_WORK TASK:_
What you need to do is retype every entry exactly as written.

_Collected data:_
Lemma derivable_pt_lim_sin_affine c w p x :
  derivable_pt_lim (fun y => c * sin (w * y + p)) x (c * w * sin (w * x + p + PI / 2)).
Proof.
  apply is_derive_Reals. auto_derive; auto.
  rewrite sin_plus, cos_PI2, sin_PI2. ring.
Qed.

Definition freq (mt i : nat) : R := 2 * PI * (INR i - INR mt).

(* Differentiating [cos (w x + p)] multiplies by [w] and shifts the phase by [PI/2]. *)
Definition Dir_deriv (mt a : nat) (x : R) : cplx :=
  ( / (2 * INR mt + 1) *
      sum_f_R0 (fun i => freq mt i ^ a * cos (freq mt i * x + INR a * (PI / 2))) (2 * mt),
    / (2 * INR mt + 1) *
      sum_f_R0 (fun i => freq mt i ^ a * sin (freq mt i * x + INR a * (PI / 2))) (2 * mt)).

Lemma Dir_derivSeq mt : IsDerivSeq (Dir mt) (Dir_deriv mt).
Proof.
  split.
  - intro x. unfold Dir_deriv, Dir, freq.
    f_equal; f_equal; apply sum_eq; intros i _; simpl;
      rewrite Rmult_0_l, Rplus_0_r, Rmult_1_l; reflexivity.
  - intros j x.
    assert (Hphase : forall i, freq mt i * x + INR (S j) * (PI / 2)
                              = freq mt i * x + INR j * (PI / 2) + PI / 2)
      by (intro; rewrite S_INR; ring).
    split; cbn [fst snd Dir_deriv]; apply derivable_pt_lim_scal;
      apply derivable_pt_lim_sum_f_R0; intros i _; rewrite Hphase;
      eapply (eq_rect _ (derivable_pt_lim _ _));
      [apply derivable_pt_lim_cos_affine | simpl; ring
      |apply derivable_pt_lim_sin_affine | simpl; ring].
Qed.

Definition cadd (z w : cplx) : cplx := (fst z + fst w, snd z + snd w).

(* The Leibniz rule without binomial coefficients: the [j]-th derivative of
   [F G] is the sum of [F^(p) G^(q)] over the [2^j] words [(p, q)] obtained by
   [j] successive choices of which factor to differentiate. *)
Definition leibniz_step (pq : nat * nat) : list (nat * nat) :=
  (S (fst pq), snd pq) :: (fst pq, S (snd pq)) :: nil.

Fixpoint leibniz_pairs (j : nat) : list (nat * nat) :=
  match j with
  | O => (O, O) :: nil
  | S j => flat_map leibniz_step (leibniz_pairs j)
  end.

Definition pair_sum (F G : nat -> R -> cplx) (L : list (nat * nat)) (x : R) : cplx :=
  fold_right (fun pq acc => cadd (cmul (F (fst pq) x) (G (snd pq) x)) acc) (0, 0) L.

Definition prod_deriv (F G : nat -> R -> cplx) (j : nat) : R -> cplx :=
  pair_sum F G (leibniz_pairs j).

Lemma pair_sum_deriv K1 K2 F G : IsDerivSeq K1 F -> IsDerivSeq K2 G ->
  forall L x,
  derivable_pt_lim (fun y => fst (pair_sum F G L y)) x
    (fst (pair_sum F G (flat_map leibniz_step L) x)) /\
  derivable_pt_lim (fun y => snd (pair_sum F G L y)) x
    (snd (pair_sum F G (flat_map leibniz_step L) x)).
Proof.
  intros [_ HF] [_ HG] L x. induction L as [|[p q] L [IH1 IH2]].
  - split; apply derivable_pt_lim_const.
  - destruct (HF p x) as [F1 F2], (HG q x) as [G1 G2].
    split; simpl; eapply (eq_rect _ (derivable_pt_lim _ _)).
    + apply derivable_pt_lim_plus; [|exact IH1].
      apply derivable_pt_lim_minus; apply derivable_pt_lim_mult; eassumption.
    + simpl. ring.
    + apply derivable_pt_lim_plus; [|exact IH2].
      apply derivable_pt_lim_plus; apply derivable_pt_lim_mult; eassumption.
    + simpl. ring.
Qed.

Lemma prod_derivSeq K1 K2 F G : IsDerivSeq K1 F -> IsDerivSeq K2 G ->
  IsDerivSeq (fun x => cmul (K1 x) (K2 x)) (prod_deriv F G).
Proof.
  intros H1 H2. split.
  - intro x. destruct H1 as [E1 _], H2 as [E2 _].
    unfold prod_deriv, pair_sum, cadd, cmul; simpl. rewrite E1, E2, !Rplus_0_r.
    reflexivity.
  - intros j x. exact (pair_sum_deriv K1 K2 F G H1 H2 (leibniz_pairs j) x).
Qed.

Lemma IsDerivSeq_unique K Kd Kd' : IsDerivSeq K Kd -> IsDerivSeq K Kd' ->
  forall j x, Kd j x = Kd' j x.
Proof.
  intros [A1 B1] [A2 B2] j. induction j as [|j IH]; intro x.
  - rewrite A1, A2; reflexivity.
  - assert (E : Kd j = Kd' j) by (apply functional_extensionality; exact IH).
    destruct (B1 j x) as [P1 P2], (B2 j x) as [Q1 Q2]. rewrite E in P1, P2.
    rewrite (surjective_pairing (Kd (S j) x)), (surjective_pairing (Kd' (S j) x)).
    f_equal; eapply uniqueness_limite; eauto.
Qed.

Definition Kbar_deriv (m1 m2 m3 : nat) : nat -> R -> cplx :=
  prod_deriv (Dir_deriv m1) (prod_deriv (Dir_deriv m2) (Dir_deriv m3)).

Lemma Kbar_derivSeq m1 m2 m3 : IsDerivSeq (Kbar m1 m2 m3) (Kbar_deriv m1 m2 m3).
Proof.
  apply (prod_derivSeq (Dir m1) (fun x => cmul (Dir m2 x) (Dir m3 x)));
    [|apply prod_derivSeq]; apply Dir_derivSeq.
Qed.

(** * Decay of the derivatives of a Dirichlet kernel *)

Lemma Rabs_pow_sub_le a x y M : Rabs x <= M -> Rabs y <= M ->
  Rabs (x ^ a - y ^ a) * M <= INR a * M ^ a * Rabs (x - y).
Proof.
  intros Hx Hy. assert (HM : 0 <= M) by (pose proof (Rabs_pos x); lra).
  induction a as [|a IH].
  - simpl. rewrite Rminus_diag, Rabs_R0. lra.
  - replace (x ^ S a - y ^ S a) with (x * (x ^ a - y ^ a) + (x - y) * y ^ a) by (simpl; ring).
    rewrite S_INR.
    eapply Rle_trans; [apply Rmult_le_compat_r; [exact HM | apply Rabs_triang]|].
    rewrite !Rabs_mult, <- RPow_abs.
    assert (Hya : Rabs y ^ a <= M ^ a) by (apply pow_incr; split; [apply Rabs_pos | auto]).
    pose proof (Rabs_pos x). pose proof (Rabs_pos (x - y)).
    pose proof (Rabs_pos (x ^ a - y ^ a)). pose proof (pow_le _ a (Rabs_pos y)).
    assert (Rabs x * Rabs (x ^ a - y ^ a) * M <= M * (INR a * M ^ a * Rabs (x - y)))
      by (rewrite Rmult_assoc; apply Rmult_le_compat; nra).
    assert (Rabs (x - y) * Rabs y ^ a * M <= Rabs (x - y) * M ^ a * M)
      by (apply Rmult_le_compat_r; auto; apply Rmult_le_compat_l; auto).
    simpl. nra.
Qed.

Lemma sum_by_parts (c E : nat -> R) N :
  sum_f_R0 (fun i => c i * (E (S i) - E i)) N
  = c (S N) * E (S N) - c 0%nat * E 0%nat
    - sum_f_R0 (fun i => (c (S i) - c i) * E (S i)) N.
Proof. induction N as [|N IH]; simpl; [|rewrite IH]; ring. Qed.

_TASK SOLUTION:_
Lemma derivable_pt_lim_sin_affine c w p x :
  derivable_pt_lim (fun y => c * sin (w * y + p)) x (c * w * sin (w * x + p + PI / 2)).
Proof.
  apply is_derive_Reals. auto_derive; auto.
  rewrite sin_plus, cos_PI2, sin_PI2. ring.
Qed.

Definition freq (mt i : nat) : R := 2 * PI * (INR i - INR mt).

(* Differentiating [cos (w x + p)] multiplies by [w] and shifts the phase by [PI/2]. *)
Definition Dir_deriv (mt a : nat) (x : R) : cplx :=
  ( / (2 * INR mt + 1) *
      sum_f_R0 (fun i => freq mt i ^ a * cos (freq mt i * x + INR a * (PI / 2))) (2 * mt),
    / (2 * INR mt + 1) *
      sum_f_R0 (fun i => freq mt i ^ a * sin (freq mt i * x + INR a * (PI / 2))) (2 * mt)).

Lemma Dir_derivSeq mt : IsDerivSeq (Dir mt) (Dir_deriv mt).
Proof.
  split.
  - intro x. unfold Dir_deriv, Dir, freq.
    f_equal; f_equal; apply sum_eq; intros i _; simpl;
      rewrite Rmult_0_l, Rplus_0_r, Rmult_1_l; reflexivity.
  - intros j x.
    assert (Hphase : forall i, freq mt i * x + INR (S j) * (PI / 2)
                              = freq mt i * x + INR j * (PI / 2) + PI / 2)
      by (intro; rewrite S_INR; ring).
    split; cbn [fst snd Dir_deriv]; apply derivable_pt_lim_scal;
      apply derivable_pt_lim_sum_f_R0; intros i _; rewrite Hphase;
      eapply (eq_rect _ (derivable_pt_lim _ _));
      [apply derivable_pt_lim_cos_affine | simpl; ring
      |apply derivable_pt_lim_sin_affine | simpl; ring].
Qed.

Definition cadd (z w : cplx) : cplx := (fst z + fst w, snd z + snd w).

(* The Leibniz rule without binomial coefficients: the [j]-th derivative of
   [F G] is the sum of [F^(p) G^(q)] over the [2^j] words [(p, q)] obtained by
   [j] successive choices of which factor to differentiate. *)
Definition leibniz_step (pq : nat * nat) : list (nat * nat) :=
  (S (fst pq), snd pq) :: (fst pq, S (snd pq)) :: nil.

Fixpoint leibniz_pairs (j : nat) : list (nat * nat) :=
  match j with
  | O => (O, O) :: nil
  | S j => flat_map leibniz_step (leibniz_pairs j)
  end.

Definition pair_sum (F G : nat -> R -> cplx) (L : list (nat * nat)) (x : R) : cplx :=
  fold_right (fun pq acc => cadd (cmul (F (fst pq) x) (G (snd pq) x)) acc) (0, 0) L.

Definition prod_deriv (F G : nat -> R -> cplx) (j : nat) : R -> cplx :=
  pair_sum F G (leibniz_pairs j).

Lemma pair_sum_deriv K1 K2 F G : IsDerivSeq K1 F -> IsDerivSeq K2 G ->
  forall L x,
  derivable_pt_lim (fun y => fst (pair_sum F G L y)) x
    (fst (pair_sum F G (flat_map leibniz_step L) x)) /\
  derivable_pt_lim (fun y => snd (pair_sum F G L y)) x
    (snd (pair_sum F G (flat_map leibniz_step L) x)).
Proof.
  intros [_ HF] [_ HG] L x. induction L as [|[p q] L [IH1 IH2]].
  - split; apply derivable_pt_lim_const.
  - destruct (HF p x) as [F1 F2], (HG q x) as [G1 G2].
    split; simpl; eapply (eq_rect _ (derivable_pt_lim _ _)).
    + apply derivable_pt_lim_plus; [|exact IH1].
      apply derivable_pt_lim_minus; apply derivable_pt_lim_mult; eassumption.
    + simpl. ring.
    + apply derivable_pt_lim_plus; [|exact IH2].
      apply derivable_pt_lim_plus; apply derivable_pt_lim_mult; eassumption.
    + simpl. ring.
Qed.

Lemma prod_derivSeq K1 K2 F G : IsDerivSeq K1 F -> IsDerivSeq K2 G ->
  IsDerivSeq (fun x => cmul (K1 x) (K2 x)) (prod_deriv F G).
Proof.
  intros H1 H2. split.
  - intro x. destruct H1 as [E1 _], H2 as [E2 _].
    unfold prod_deriv, pair_sum, cadd, cmul; simpl. rewrite E1, E2, !Rplus_0_r.
    reflexivity.
  - intros j x. exact (pair_sum_deriv K1 K2 F G H1 H2 (leibniz_pairs j) x).
Qed.

Lemma IsDerivSeq_unique K Kd Kd' : IsDerivSeq K Kd -> IsDerivSeq K Kd' ->
  forall j x, Kd j x = Kd' j x.
Proof.
  intros [A1 B1] [A2 B2] j. induction j as [|j IH]; intro x.
  - rewrite A1, A2; reflexivity.
  - assert (E : Kd j = Kd' j) by (apply functional_extensionality; exact IH).
    destruct (B1 j x) as [P1 P2], (B2 j x) as [Q1 Q2]. rewrite E in P1, P2.
    rewrite (surjective_pairing (Kd (S j) x)), (surjective_pairing (Kd' (S j) x)).
    f_equal; eapply uniqueness_limite; eauto.
Qed.

Definition Kbar_deriv (m1 m2 m3 : nat) : nat -> R -> cplx :=
  prod_deriv (Dir_deriv m1) (prod_deriv (Dir_deriv m2) (Dir_deriv m3)).

Lemma Kbar_derivSeq m1 m2 m3 : IsDerivSeq (Kbar m1 m2 m3) (Kbar_deriv m1 m2 m3).
Proof.
  apply (prod_derivSeq (Dir m1) (fun x => cmul (Dir m2 x) (Dir m3 x)));
    [|apply prod_derivSeq]; apply Dir_derivSeq.
Qed.

(** * Decay of the derivatives of a Dirichlet kernel *)

Lemma Rabs_pow_sub_le a x y M : Rabs x <= M -> Rabs y <= M ->
  Rabs (x ^ a - y ^ a) * M <= INR a * M ^ a * Rabs (x - y).
Proof.
  intros Hx Hy. assert (HM : 0 <= M) by (pose proof (Rabs_pos x); lra).
  induction a as [|a IH].
  - simpl. rewrite Rminus_diag, Rabs_R0. lra.
  - replace (x ^ S a - y ^ S a) with (x * (x ^ a - y ^ a) + (x - y) * y ^ a) by (simpl; ring).
    rewrite S_INR.
    eapply Rle_trans; [apply Rmult_le_compat_r; [exact HM | apply Rabs_triang]|].
    rewrite !Rabs_mult, <- RPow_abs.
    assert (Hya : Rabs y ^ a <= M ^ a) by (apply pow_incr; split; [apply Rabs_pos | auto]).
    pose proof (Rabs_pos x). pose proof (Rabs_pos (x - y)).
    pose proof (Rabs_pos (x ^ a - y ^ a)). pose proof (pow_le _ a (Rabs_pos y)).
    assert (Rabs x * Rabs (x ^ a - y ^ a) * M <= M * (INR a * M ^ a * Rabs (x - y)))
      by (rewrite Rmult_assoc; apply Rmult_le_compat; nra).
    assert (Rabs (x - y) * Rabs y ^ a * M <= Rabs (x - y) * M ^ a * M)
      by (apply Rmult_le_compat_r; auto; apply Rmult_le_compat_l; auto).
    simpl. nra.
Qed.

Lemma sum_by_parts (c E : nat -> R) N :
  sum_f_R0 (fun i => c i * (E (S i) - E i)) N
  = c (S N) * E (S N) - c 0%nat * E 0%nat
    - sum_f_R0 (fun i => (c (S i) - c i) * E (S i)) N.
Proof. induction N as [|N IH]; simpl; [|rewrite IH]; ring. Qed.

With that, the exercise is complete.